Challenge yourself to really get to know your sex life, and in turn, get to know yourself. Then, communicate what you’ve found out to your partner.
This conversation is best had at a casual, low pressure level, opposed to staring with “We need to talk,” or other indicators that a big, hard conversation is on the horizon.
Be honest, transparent, and kind. You aren’t responsible for your partner’s feelings, but only in how you communicate.
Lead with whatever feels true for you, whether it’s “I’ve been thinking about your sex life, and I’m wondering if you have been, too,” or “I’ve been really wanting to try something different in bed. Want to give it a go?” or even, “I don’t feel connected in bed, so let’s talk about where we go from here.”
Generally speaking, it is a good idea to let your partner know that you aren’t feeling connected during sex, and that you’re excited, willing, and eager, to try to figure it out together.
Lindsey Brock, LCSW, LCASA – www.thebreakupcoach.org
Could this be the distinction between a friendship and romantic partnership?
There are many aspects as to what comprises a good relationship.
They are not the same for everybody by any means, and pretty much anything is acceptable as long as no one is hurt.
That means that if you, and presumably your partner, are satisfied with the relationship sexually or otherwise there is no problem.
A sexual relationship can range from extremely sexual to non-sexual as long as you both are happy with it.
That said, most people want some element of sexuality as part of a romantic relationship.
Especially in the beginning, that component is often extremely important and it often creates the impetus to develop a relationship.
But as time goes by libido seems to lessen to some degree and the emotional compatibility becomes more important.

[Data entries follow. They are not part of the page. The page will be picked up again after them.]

Lemma odd_closed_walk_cycle (T : eqType) (e : rel T) :
  (forall x, ~~ e x x) -> forall s, odd (size s) -> cycle e s ->
  exists s', [&& 3 <= size s', odd (size s'), uniq s' & cycle e s'].
Proof.
move=> irr s; have [n] := ubnP (size s); elim: n s => // n IHn s hsz hodd hc.
case hu: (uniq s).
  exists s; rewrite hodd hu hc /= andbT.
  case: s hodd hc {hsz hu} => [|x [|y [|z t]]] //=.
  by rewrite andbT (negbTE (irr x)).
have [x0 _] : exists x0 : T, true by case: s hodd {hsz hc hu} => // x _ _; exists x.
(* Split the walk at a repeated vertex into two shorter closed walks, one of
   which has odd length. *)
move/negbT: hu => /(uniqPn x0) [i [j [hij hj heq]]].
have hct : cycle e (rot i s) by rewrite rot_cycle.
have hst : size (rot i s) = size s by rewrite size_rot.
have nth_rot k : k < size s - i -> nth x0 (rot i s) k = nth x0 s (i + k).
  by move=> hk; rewrite /rot nth_cat size_drop hk nth_drop.
have h0 := nth_rot 0 ltac:(lia); have h1 := nth_rot (j - i) ltac:(lia).
rewrite addn0 in h0; rewrite (_ : i + (j - i) = j) in h1; last by lia.
move: hct hst h0 h1; case: (rot i s) => [|x t'] /=; first by lia.
move=> hct hst h0 h1.
rewrite (_ : j - i = (j - i - 1).+1) /= in h1; last by lia.
set k := j - i - 1 in h1; have hk : k < size t' by lia.
move: hct; rewrite -(cat_take_drop k t') (drop_nth x0 hk) h1 -heq -h0.
set a := take k t'; set b := drop k.+1 t' => hct.
have [hca hcb] : cycle e (x :: a) /\ cycle e (x :: b).
  move: hct; rewrite /= rcons_cat /= cat_path /= => /and3P[h1' h2' h3'].
  by rewrite /= rcons_path h1' h2' h3'.
have hsize : size (x :: a) + size (x :: b) = size s.
  by rewrite -hst /= size_take hk size_drop; lia.
case ho: (odd (size (x :: a))).
  by apply: (IHn (x :: a)) => //=; move: hsize => /= ?; lia.
apply: (IHn (x :: b)) => //; first by move: hsize => /= ?; lia.
by move: hodd; rewrite -hsize oddD ho.
Qed.

Lemma Co_strict_preimage {G H : ugraph} {f : {ffun gV G -> gV H}} :
  f \in Su G H -> in_Co H -> in_Co G.
Proof.
rewrite inE => /andP[_ hs] coH [s /and4P[_ hodd _ hc]]; apply: coH.
have hm : cycle (star_rel H) (map f s).
  by apply: homo_cycle hc => a b; apply: (homP hs).
have irr x : ~~ star_rel H x x by rewrite /star_rel eqxx.
have hodd' : odd (size (map f s)) by rewrite size_map.
by have [s' hs'] := @odd_closed_walk_cycle _ _ irr _ hodd' hm; exists s'.
Qed.

Lemma card_Hu_part_le {R S : ugraph} {U' : ugraph -> Prop}
  (hU : (forall G, U' G) \/ (in_Co R /\ (forall G, in_Co G -> U' G)))
  (hc : forall G, U' G -> #|Su G R| <= #|Su G S|) (G : ugraph)
  (g : {ffun gV G -> {set gV G}}) :
  #|Hu_part R g| <= #|Hu_part S g|.
Proof.
have [-> | [z0 hz0]] := set_0Vmem (Hu_part R g); first by rewrite cards0.
have hg : gamma_part z0 = g by move: hz0; rewrite inE => /andP[_ /eqP].
rewrite -hg in hz0 *.
have UQ : U' (quot z0).
  case: hU => [hall | [coR hCo]]; first exact: hall.
  by apply: hCo (Co_strict_preimage (resQ_strict hz0) coR).
by rewrite !card_Hu_part_quot hc.
Qed.

Lemma fibrewise_injection {T U K : finType} {kT : T -> K} {kU : U -> K}
    {A : {set T}} {B : {set U}} (y0 : U) :
  (forall g, #|[set x in A | kT x == g]| <= #|[set y in B | kU y == g]|) ->
  exists rho : T -> U, {in A &, injective rho} /\
    forall x, x \in A -> rho x \in B /\ kU (rho x) = kT x.
Proof.
move=> hc.
pose AT g := enum [set x in A | kT x == g].
pose BU g := enum [set y in B | kU y == g].
pose rho x := nth y0 (BU (kT x)) (index x (AT (kT x))).
have hin x : x \in A -> index x (AT (kT x)) < size (BU (kT x)).
  move=> hx; apply: leq_trans (_ : size (AT (kT x)) <= _).
    by rewrite index_mem mem_enum inE hx eqxx.
  by rewrite -!cardE hc.
have hB x : x \in A -> rho x \in [set y in B | kU y == kT x].
  by move=> hx; rewrite -mem_enum mem_nth // hin.
have hrho x : x \in A -> rho x \in B /\ kU (rho x) = kT x.
  by move/hB; rewrite inE => /andP[-> /eqP].
exists rho; split=> // x1 x2 h1 h2 heq.
have hk : kT x1 = kT x2 by rewrite -(hrho x1 h1).2 heq (hrho x2 h2).2.
move: heq; rewrite /rho hk => /eqP; rewrite nth_uniq ?enum_uniq ?hin //; last first.
  by rewrite -hk hin.
have m1 : x1 \in AT (kT x2) by rewrite mem_enum inE h1 hk eqxx.
by move/eqP/(congr1 (nth x1 (AT (kT x2)))); rewrite !nth_index // mem_enum inE h2 eqxx.
Qed.

Lemma card_Su_sqsubG (R S : ugraph) (U' : ugraph -> Prop)
  (hU : (forall G, U' G) \/ (in_Co R /\ (forall G, in_Co G -> U' G))) :
  (forall G, U' G -> #|Su G R| <= #|Su G S|) -> sqsubG U' R S.
Proof.
move=> hc G _; case/card_gt0P: (gV_nonempty S) => s0 _.
have [rho [hinj hp]] := fibrewise_injection [ffun _ => s0] (card_Hu_part_le hU hc G).
exists rho; split => // z hz; have [hb hk] := hp z hz.
by split; [exact: hb | exact: gamma_partE hk].
Qed.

However, if there isn’t or never has been a sexual attraction, I think you are really looking at a friendship albeit an intense one.

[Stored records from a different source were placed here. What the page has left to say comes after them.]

(* For the measured train track $(\tau_0, \left(\begin{smallmatrix} x \\ y \end{smallmatrix}\right))$ we have the following. \begin{enumerate} \item If $y>qx$ then $(\tau_0, \left(\begin{smallmatrix} x \\ y \end{smallmatrix}\right))$ admits $q$ left splittings consecutively and $$(\tau_0, \left(\begin{smallmatrix} x \\ y \end{smallmatrix}\right)) \overset{L}{\rightharpoonup}{}^q \ f_L^q(\tau_0, L^{-q}\left(\begin{smallmatrix} x \\ y \end{smallmatrix}\right)).$$ \item If $x>py$ then $(\tau_0, \left(\begin{smallmatrix} x \\ y \end{smallmatrix}\right))$ admits $p$ right splittings consecutively and $$(\tau_0, \left(\begin{smallmatrix} x \\ y \end{smallmatrix}\right)) \overset{R}{\rightharpoonup}{}^p \ f_R^p (\tau_0, R^{-p}\left(\begin{smallmatrix} x \\ y \end{smallmatrix}\right)).$$ \end{enumerate}
   Context: $\Sigma_{1,1}=(\mathbb{R}^2\setminus\mathbb{Z}^2)/\mathbb{Z}^2$ is the once-punctured torus; $f_L,f_R$ are the homeomorphisms induced by $L= \left(\begin{smallmatrix}1 & 0 \\ 1 & 1 \end{smallmatrix}\right)$ and $R= \left(\begin{smallmatrix}1 & 1 \\0 & 1\end{smallmatrix}\right)$; $p,q$ are positive integers. The base train track $\tau_0$ is obtained from the simple closed curves of slope $0$ and $\infty$ by flattening the NW and SE right angles at their intersection; it has one large and two small branches, and the measure $\left(\begin{smallmatrix} x \\ y \end{smallmatrix}\right)$ gives weight $x$ to the horizontal small branch, $y$ to the vertical small branch and $x+y$ to the large branch. For a homeomorphism $\phi$, $\phi(\tau,\mu)=(\phi(\tau),\phi_*\mu)$ with $\phi_*\mu(e)=\mu(\phi^{-1}(e))$. $\overset{L}{\rightharpoonup}$ (resp. $\overset{R}{\rightharpoonup}$) denotes a maximal splitting (simultaneous splitting along all large branches of maximal weight) consisting of left (resp. right) splittings, and an exponent means that many consecutive ones. *)

(* Combinatorial model of (generic, trivalent, two-switch) measured train
   tracks on the once-punctured torus  S = (R^2 \ Z^2)/Z^2, up to isotopy. *)
From Stdlib Require Import Reals ZArith Bool.
Open Scope R_scope.

(* The three half-branches at a trivalent switch: the one on the "large"
   side of the switch, and the two on the other side, [Lf]/[Rt] being the one
   on the left/right when one stands on the switch and faces from the
   large side towards the two-branch side (standard orientation of R^2). *)
Inductive role := Big | Lf | Rt.

(* Half-branches ("darts"): (switch, role); the two switches are [false]
   and [true]. *)
Definition dart := (bool * role)%type.

(* Z^2 = H_1 of the torus = deck group of R^2 -> T^2. *)
Definition vec := (Z * Z)%type.
Definition vadd (a b : vec) : vec := ((fst a + fst b)%Z, (snd a + snd b)%Z).
Definition vsub (a b : vec) : vec := ((fst a - fst b)%Z, (snd a - snd b)%Z).
Definition vzero : vec := (0%Z, 0%Z).

(* A measured train track (combinatorial data + isotopy marking + measure):
   - [tpair d] is the other end of the branch whose end is the dart d;
   - [tdisp d] is the marking: choosing a lift in R^2 of each switch, the lift
     of the branch leaving the lift of switch [fst d] through d ends at
     (lift of switch [fst (tpair t d)]) + [tdisp t d]  (a deck translation);
   - [twt d] is the weight (measure) of the branch containing the dart d. *)
Record mtt := MTT { tpair : dart -> dart ; tdisp : dart -> vec ; twt : dart -> R }.

(* Isotopy of measured train tracks: an isomorphism of the switch structures
   (a permutation of the two switches preserving roles, i.e. orientation)
   matching the branches, the weights, and the markings up to change of the
   chosen lifts of the switches (c). *)
Definition tt_equiv (t1 t2 : mtt) : Prop :=
  exists (f : bool -> bool) (c : bool -> vec),
    (forall b b', f b = f b' -> b = b') /\
    forall d : dart,
      let fd := fun e : dart => (f (fst e), snd e) in
      tpair t2 (fd d) = fd (tpair t1 d) /\
      tdisp t2 (fd d) = vsub (vadd (tdisp t1 d) (c (fst d))) (c (fst (tpair t1 d))) /\
      twt t2 (fd d) = twt t1 d.

(* Switch [false] is at the SW end
   and switch [true] at the NE end of the large branch (the NW and SE right
   angles at the crossing (1/2,1/2) of the slope-0 and slope-infinity curves
   being flattened); at [false] the W arm (horizontal) is on the right and the
   S arm (vertical) on the left; at [true] the E arm (horizontal) is on the
   right and the N arm (vertical) on the left. *)
Definition tau0 (v : R * R) : mtt :=
  MTT (fun d => (negb (fst d), snd d))
      (fun d => match d with
                | (_, Big) => vzero
                | (false, Rt) => ((-1)%Z, 0%Z)
                | (true, Rt) => (1%Z, 0%Z)
                | (false, Lf) => (0%Z, (-1)%Z)
                | (true, Lf) => (0%Z, 1%Z)
                end)
      (fun d => match snd d with
                | Big => fst v + snd v
                | Rt => fst v
                | Lf => snd v
                end).

(* The homeomorphism f_A of S induced by A in SL(2,Z) (acting on column
   vectors), and its action phi(tau,mu) = (phi(tau), phi_* mu). *)
Definition hact (A : vec -> vec) (t : mtt) : mtt :=
  MTT (tpair t) (fun d => A (tdisp t d)) (twt t).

I think this question may really be about how to incorporate a sexual component into an existing emotionally satisfying relationship.
We have to define “compatibility”.
Does this mean that you’re attracted, but sex is not particularly satisfying?
That can be addressed either by more open communication, or by seeking professional help, such as a couple’s therapist or a sex therapist. However, if the sexual spark is and always has been absent, I don’t think it’s possible to ignite it.
Choosing to give up sex is asking a lot.
Maybe you could consider keeping the friendship and both of you looking for partners with whom you are both emotionally and sexually compatible. Finding that right person will give you the chance to have a fuller and more satisfying relationship.